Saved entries
(* Let $m\ge1$, let $C\in\mathbb{R}^{m\times 3}$, and let $A,B^t\in\mathcal{Q}_0(C)$ (so $A\in\mathbb{R}^{m\times3}$, $B\in\mathbb{R}^{3\times m}$). Suppose the DSR graph $G_{A,B}$ satisfies: (i) every e-cycle of length $4$ is an s-cycle; and (ii) every o-cycle of length $6$ is an s-cycle. Then no nonreal eigenvalue of $AB$ lies in the open left half-plane $\mathbb{C}_-$.
   Context: For $M\in\mathbb{R}^{n\times m}$, $\mathcal{Q}(M)$ is the set of matrices with the same sign pattern as $M$ (entrywise signs in $\{-,0,+\}$ equal), and $\mathcal{Q}_0(M)$ is its closure. DSR graphs: for $A\in\mathbb{R}^{n\times m}$, $B\in\mathbb{R}^{m\times n}$, $G_{A,B}$ is the signed, labelled bipartite digraph with S-vertices $S_1,\dots,S_n$ and R-vertices $R_1,\dots,R_m$, having an arc $R_j\to S_i$ of sign $\mathrm{sign}(A_{ij})$ iff $A_{ij}\ne0$, and an arc $S_i\to R_j$ of sign $\mathrm{sign}(B_{ji})$ iff $B_{ji}\neq 0$. A pair of antiparallel arcs between $S_i$ and $R_j$ with the same sign is regarded as a single undirected edge (traversable in either direction). An edge arising from $A_{ij}\ne0$ (R-to-S or undirected) has label $|A_{ij}|$; an edge with only S-to-R orientation has label $\infty$. Walks traverse edges consistently with their orientation; the length of a walk is its number of edges (with multiplicity), its sign is the product of its edge signs. A cycle is a nonempty closed walk repeating no vertex except first$=$last. The parity of a cycle $W$ (of even length) is $P(W)=(-1)^{|W|/2}\mathrm{sign}(W)$; it is an e-cycle if $P=1$ and an o-cycle if $P=-1$. A cycle $(e_1,\dots,e_{2r})$ is an s-cycle if all its labels are finite and $\prod_{i=1}^r l(e_{2i-1})=\prod_{i=1}^r l(e_{2i})$. *)

From HB Require Import structures.
From mathcomp Require Import all_boot all_order all_algebra.
From mathcomp Require Import reals.
From mathcomp Require Export complex.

PROBLEM TO SOLVE
The answer is the line containing "From mathcomp Require Import all_boot" together with every line after it in the records, repeated exactly and with nothing else.

RESPONSE
From mathcomp Require Import all_boot all_order all_algebra.
From mathcomp Require Import reals.
From mathcomp Require Export complex.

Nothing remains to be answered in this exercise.